私は公園にいた。子供の頃、近所の友達と毎日遊んだ公園だ。
象さんのすべり台があって、ジャングルジムがあって、砂場がある。ああ、懐かしいなぁ。
お日様が凄く眩くて、上を見ていられずに思わず目を逸らす。
”○▷§&○¥”
誰かが私を呼んでる? 振り返るとそこにいたのは幼なじみの悠ちゃん。子供の頃はいつも一緒で、色んな事を一緒にしたなぁ。
ああ、そう言えば幼稚園の頃、近所のおじさんの家の窓をうっかり割っちゃって一緒に怒られたりもしたなぁ。

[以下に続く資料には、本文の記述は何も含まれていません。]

(* Let $k \in \mathbb{R}$ and let $M$ be a real symmetric matrix whose diagonal entries are all equal to $k$ and whose off-diagonal entries are integers. Suppose that the multiplicity of $0$ as an eigenvalue of $M$ is greater than the maximum multiplicity of the non-zero eigenvalues of $M$. Then $k$ is an integer. *)

From HB Require Import structures.
From mathcomp Require Import all_boot all_order all_algebra.
From mathcomp Require Import reals.
Set Implicit Arguments. Unset Strict Implicit. Unset Printing Implicit Defensive.
Import Order.TTheory GRing.Theory Num.Theory.
Local Open Scope ring_scope.

Definition eig_mult (R : realType) (n : nat) (M : 'M[R]_n) (a : R) : nat :=
  mup a (char_poly M).

From HB Require Import structures.
From mathcomp Require Import all_boot all_order all_algebra.
From mathcomp Require Import reals complex algC algnum ring.
Set Implicit Arguments. Unset Strict Implicit. Unset Printing Implicit Defensive.
Import Order.TTheory GRing.Theory Num.Theory.
Local Open Scope ring_scope.

(* A := M - k I is a real symmetric matrix with integer entries, so its
   characteristic polynomial q has integer coefficients and splits over R, and
   by hypothesis -k is the unique root of q of maximal multiplicity m. The roots
   of gcd(q, q', ..., q^(m-1)) are exactly the roots of q of multiplicity at
   least m, so this gcd, which can be computed over Q, is c (X + k)^j; comparing
   its two leading coefficients shows that k is rational. Being a root of the
   monic integer polynomial q, -k is then an integer. *)

Section RootMultiplicity.

Variable K : numFieldType.
Implicit Types (p q : {poly K}) (y : K).

Lemma derivn_mul_XsubC_exp q y m j : ~~ root q y -> (j <= m)%N ->
  exists2 r : {poly K}, ~~ root r y &
    (q * ('X - y%:P) ^+ m)^`(j) = r * ('X - y%:P) ^+ (m - j).
Proof.
move=> qy; elim: j => [|j IHj] le_jm; first by exists q; rewrite ?derivn0 ?subn0.
have [r ry Dr] := IHj (ltnW le_jm).
rewrite derivnS Dr -(subnSK le_jm); set e := (m - j.+1)%N.
exists (r^`() * ('X - y%:P) + r *+ e.+1).
  by rewrite /root !hornerE subrr mulr0 add0r hornerMn mulrn_eq0 negb_or.
rewrite derivM deriv_exp derivXsubC mul1r /= exprS.
rewrite mulrnAr -mulrnAl; ring.
Qed.

Lemma root_gcdp_derivn p m y : p != 0 ->
  root (\big[@gcdp K/0]_(j < m) p^`(j)) y = (m <= mup y p)%N.
Proof.
move=> p0; have [mu [q]] := multiplicity_XsubC p y; rewrite p0 /= => qy Dp.
have -> : mup y p = mu by rewrite Dp mupMr // mup_XsubCX eqxx.
rewrite (big_morph (root^~ y) (fun a b => root_gcd a b y) (root0 y)) big_andE.
apply/forallP/idP => [rootD | le_m j].
  rewrite leqNgt; apply/negP => lt_mu_m.
  have [r ry] := derivn_mul_XsubC_exp qy (leqnn mu).
  have := rootD (Ordinal lt_mu_m); rewrite /= Dp => /[swap] ->.
  by rewrite subnn mulr1 (negPf ry).
have lt_j_mu : (j < mu)%N := leq_trans (ltn_ord j) le_m.
have [r _ Dr] := derivn_mul_XsubC_exp qy (ltnW lt_j_mu).
by rewrite implyTb Dp Dr rootM -(subnSK lt_j_mu) root_exp_XsubC eqxx orbT.
Qed.

End RootMultiplicity.

Section SplitPolynomials.

Variables (F : fieldType) (K : numFieldType) (f : {rmorphism F -> K}).

Lemma single_root_in_image (p : {poly F}) (s : seq K) r :
    map_poly f p %| \prod_(t <- s) ('X - t%:P) -> root (map_poly f p) r ->
    (forall y, root (map_poly f p) y -> y = r) ->
  exists x, r = f x.
Proof.
move=> p_dvd pr only_r; have [b Eb] := dvdp_prod_XsubC p_dvd.
set u := mask b s in Eb.
have r_u : r \in u by rewrite -root_prod_XsubC -(eqp_root Eb).
have Eu : u = nseq (size u) r.
  apply/all_pred1P/allP => t t_u; apply/eqP/only_r.
  by rewrite (eqp_root Eb) root_prod_XsubC.
have {}Eb := eqpfP Eb; rewrite lead_coef_prod_XsubC divr1 Eu in Eb.
set j := size u in Eb r_u.
have j_gt0 : (0 < j)%N by rewrite lt0n size_eq0; apply: contraTneq r_u => ->.
have coef_prod : (\prod_(t <- nseq j r) ('X - t%:P))`_j.-1 = - (r *+ j).
  have := @coefPn_prod_XsubC _ (nseq j r); rewrite size_nseq -lt0n => ->//.
  by rewrite big_nseq iter_addr_0.
have := congr1 (fun q : {poly K} => q`_j.-1) Eb.
rewrite /= coefZ coef_prod coef_map lead_coef_map /= => Epj.
exists (- p`_j.-1 / (lead_coef p *+ j)).
have lp0 : f (lead_coef p) != 0.
  rewrite -lead_coef_map lead_coef_eq0; apply: contraTneq p_dvd => ->.
  by rewrite dvd0p monic_neq0 // monic_prod_XsubC.
have lpj0 : f (lead_coef p) *+ j != 0 by rewrite mulrn_eq0 negb_or -lt0n j_gt0.
rewrite fmorph_div rmorphN rmorphMn Epj mulrN opprK mulrnAr -mulrnAl.
by rewrite mulrAC divff // mul1r.
Qed.

Lemma max_mult_root_in_image (q : {poly F}) (s : seq K) r :
    map_poly f q = \prod_(t <- s) ('X - t%:P) ->
    (forall t, t != r -> (count_mem t s < count_mem r s)%N) ->
  exists x, r = f x.
Proof.
move=> Eq r_max; set m := count_mem r s.
have [m' Em] : exists m', m = m'.+1.
  have r1 : r + 1 != r by rewrite -subr_eq0 addrC addKr oner_eq0.
  by exists m.-1; rewrite prednK // (leq_ltn_trans _ (r_max _ r1)).
have q0 : map_poly f q != 0 by rewrite Eq monic_neq0 // monic_prod_XsubC.
pose G := \big[@gcdp F/0]_(j < m) q^`(j).
have EG : map_poly f G = \big[@gcdp K/0]_(j < m) (map_poly f q)^`(j).
  rewrite (big_morph _ (gcdp_map f) (rmorph0 _)).
  by apply: eq_bigr => j _; rewrite derivn_map.
have rootG y : root (map_poly f G) y = (y == r).
  rewrite EG root_gcdp_derivn // Eq mu_prod_XsubC.
  by have [->|/r_max lt_yr] := eqVneq y r; rewrite ?leqnn // leqNgt lt_yr.
apply: (@single_root_in_image G s r); last 2 first.
- by rewrite rootG.
- by move=> y; rewrite rootG => /eqP.
by rewrite -Eq EG Em big_ord_recl derivn0 dvdp_gcdl.
Qed.

End SplitPolynomials.

Lemma rat_root_monic_int (p : {poly int}) (x : rat) : p \is monic ->
  root (map_poly intr p) x -> x \is a Num.int.
Proof.
move=> p_monic px; set pC := map_poly intr p : {poly algC}.
have pCx : root pC (ratr x).
  have -> : pC = map_poly ratr (map_poly intr p : {poly rat}).
    by rewrite -map_poly_comp; apply: eq_map_poly => z /=; rewrite ratr_int.
  by rewrite fmorph_root.
have /(Cint_rat_Aint (Crat_rat x)) : ratr x \in Aint.
  apply: (root_monic_Aint pCx); first exact: monic_map.
  by apply/polyOverP => i; rewrite /pC coef_map /= rpred_int.
by move/floorK; rewrite -ratr_int => /fmorph_inj <-; apply: rpred_int.
Qed.

Lemma mu_prod_XsubC_addr (F : fieldType) (s : seq F) (a k : F) :
  mup a (\prod_(t <- s) ('X - (t + k)%:P)) = count_mem (a - k) s.
Proof.
rewrite -(big_map (+%R^~ k) xpredT (fun t => 'X - t%:P)) mu_prod_XsubC count_map.
by apply: eq_count => t /=; rewrite [RHS]eq_sym subr_eq eq_sym.
Qed.

Lemma floor_mxK (R : archiNumDomainType) m n (A : 'M[R]_(m, n)) :
  (forall i j, A i j \is a Num.int) -> map_mx intr (map_mx Num.floor A) = A.
Proof. by move=> A_int; apply/matrixP => i j; rewrite !mxE floorK. Qed.

Lemma char_poly_conjmx (R : comUnitRingType) n (P A : 'M[R]_n) : P \in unitmx ->
  char_poly (invmx P *m A *m P) = char_poly A.
Proof.
move=> P_unit; rewrite /char_poly /char_poly_mx.
have -> : 'X%:M - map_mx polyC (invmx P *m A *m P) =
    map_mx polyC (invmx P) *m ('X%:M - map_mx polyC A) *m map_mx polyC P.
  rewrite mulmxBr mulmxBl mul_mx_scalar -scalemxAl -map_mxM mulVmx //.
  by rewrite map_mx1 scalemx1 !map_mxM.
rewrite !det_mulmx mulrC mulrA -det_mulmx -map_mxM mulmxV //.
by rewrite map_mx1 det1 mul1r.
Qed.

Lemma char_poly_add_scalar (R : comNzRingType) n (A : 'M[R]_n) (k : R) (s : seq R) :
    char_poly A = \prod_(t <- s) ('X - t%:P) ->
  char_poly (A + k%:M) = \prod_(t <- s) ('X - (t + k)%:P).
Proof.
move=> EA; have -> : char_poly (A + k%:M) = char_poly A \Po ('X - k%:P).
  rewrite /char_poly -det_map_mx; congr (\det _); apply/matrixP => i j.
  rewrite !mxE; case: eqP => _ /=.
    by rewrite !mulr1n comp_polyB comp_polyX comp_polyC polyCD; ring.
  by rewrite !mulr0n !addr0 !sub0r rmorphN /= comp_polyC.
rewrite EA rmorph_prod; apply: eq_bigr => t _ /=.
by rewrite comp_polyB comp_polyX comp_polyC polyCD; ring.
Qed.

Lemma realsym_char_poly_split (R : rcfType) n (A : 'M[R]_n) : A^T = A ->
  exists s : seq R, char_poly A = \prod_(t <- s) ('X - t%:P).
Proof.
move=> A_sym; pose Ac := map_mx (real_complex R) A.
have Ac_herm : Ac \is hermsymmx.
  apply: realsym_hermsym.
    apply/is_hermitianmxP; rewrite expr0 scale1r.
    by apply/matrixP => i j; rewrite !mxE -[in LHS]A_sym mxE.
  by apply/'forall_forallP => i j; rewrite mxE; apply/complex_realP; exists (A i j).
have /orthomx_spectralP EAc := hermitian_normalmx Ac_herm.
have /mxOverP diag_real := hermitian_spectral_diag_real Ac_herm.
exists [seq complex.Re (spectral_diag Ac 0 i) | i <- enum 'I_n].
apply: (@map_poly_inj _ _ (real_complex R)).
rewrite map_char_poly -/Ac EAc char_poly_conjmx ?spectral_unit //.
rewrite char_poly_trig ?diag_mx_is_trig // rmorph_prod big_map big_enum /=.
apply: eq_bigr => i _; rewrite map_polyXsubC mxE eqxx mulr1n.
by rewrite -EAc; congr (_ - _%:P); exact: (esym (RRe_real (diag_real 0 i))).
Qed.

Theorem lemma2p4 (R : realType) (n : nat) (M : 'M[R]_n) (k : R)
  (Hsym : M^T = M)
  (Hdiag : forall i : 'I_n, M i i = k)
  (Hoff : forall i j : 'I_n, i != j -> M i j \is a Num.int)
  (Hmult : forall a : R, a != 0 -> (eig_mult M a < eig_mult M 0)%N) :
  k \is a Num.int.
Proof.
pose A := M - k%:M.
have [s EA] : exists s, char_poly A = \prod_(t <- s) ('X - t%:P).
  by apply: realsym_char_poly_split; rewrite raddfB /= tr_scalar_mx Hsym.
have multE a : eig_mult M a = count_mem (a - k) s.
  by rewrite /eig_mult -[M](subrK k%:M) (char_poly_add_scalar k EA) mu_prod_XsubC_addr.
have A_int i j : A i j \is a Num.int.
  rewrite !mxE; have [<-|/Hoff Mij] := eqVneq i j; first by rewrite Hdiag subrr.
  by rewrite mulr0n subr0.
pose Az := map_mx Num.floor A; pose AQ : 'M[rat]_n := map_mx intr Az.
have EAQ : map_poly ratr (char_poly AQ) = char_poly A.
  rewrite map_char_poly -[in RHS](floor_mxK A_int); congr char_poly.
  by apply/matrixP => i j; rewrite !mxE; exact: ratr_int.
have [x Ex] : exists x : rat, - k = ratr x.
  apply: (max_mult_root_in_image (q := char_poly AQ) (s := s)); first by rewrite EAQ.
  move=> t t_k; have := Hmult (t + k); rewrite !multE addrK sub0r; apply.
  by rewrite addr_eq0.
have k_root : root (char_poly A) (- k).
  rewrite EA root_prod_XsubC -has_pred1 has_count -(sub0r k) -multE.
  exact: leq_ltn_trans (Hmult 1 (oner_neq0 _)).
have /(rat_root_monic_int (char_poly_monic Az)) x_int :
    root (map_poly intr (char_poly Az)) x.
  by move: k_root; rewrite -EAQ Ex fmorph_root map_char_poly.
by rewrite -[k]opprK Ex rpredN -(floorK x_int) ratr_int rpred_int.
Qed.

悠ちゃん、いつからだろう? 気が付くと君と一緒にいなくなったね。
男の子と女の子がずっと一緒にいたら馬鹿にされるから、ってどっちが言い出したのかな?
悠ちゃん。何でそんなにも悲しそうな顔をしてるの?
ねぇ、一緒に遊ぼうよ。二人ならきっと楽しいよ。
◆◆◆
「う、っ」
木岐が目を覚ましたのは、目覚まし時計の設定時刻の三十秒前。
時刻は午後の四時。
「──っっ」
カーテンを開いてみると、まだ眩い陽射しに刺激され、一瞬目を閉じる。
「う、ん」
枕元に置いてあったスポーツドリンクを入れたペットボトルを飲む。ゴクゴク、と少し渇いた喉を潤し、リストバンドで顔の汗を拭う。足元へ届く、扇風機の控えめな風が心地いい。
「お母さん、シャワー使うよ~」
ペタペタとした足音を立てて階段を降りながら母親へ言うのだが、返事はない。
「お母さん?」
リビングを覗くと、テーブルにはボウルに入った鶏もも肉。醤油などで漬け込んでいて、寝かした状態で置かれている。
「……」
さらに視線を動かすと、近所のスーパーの特売品のチラシが置かれており、幾つかの品目にマジックでチェックされていた。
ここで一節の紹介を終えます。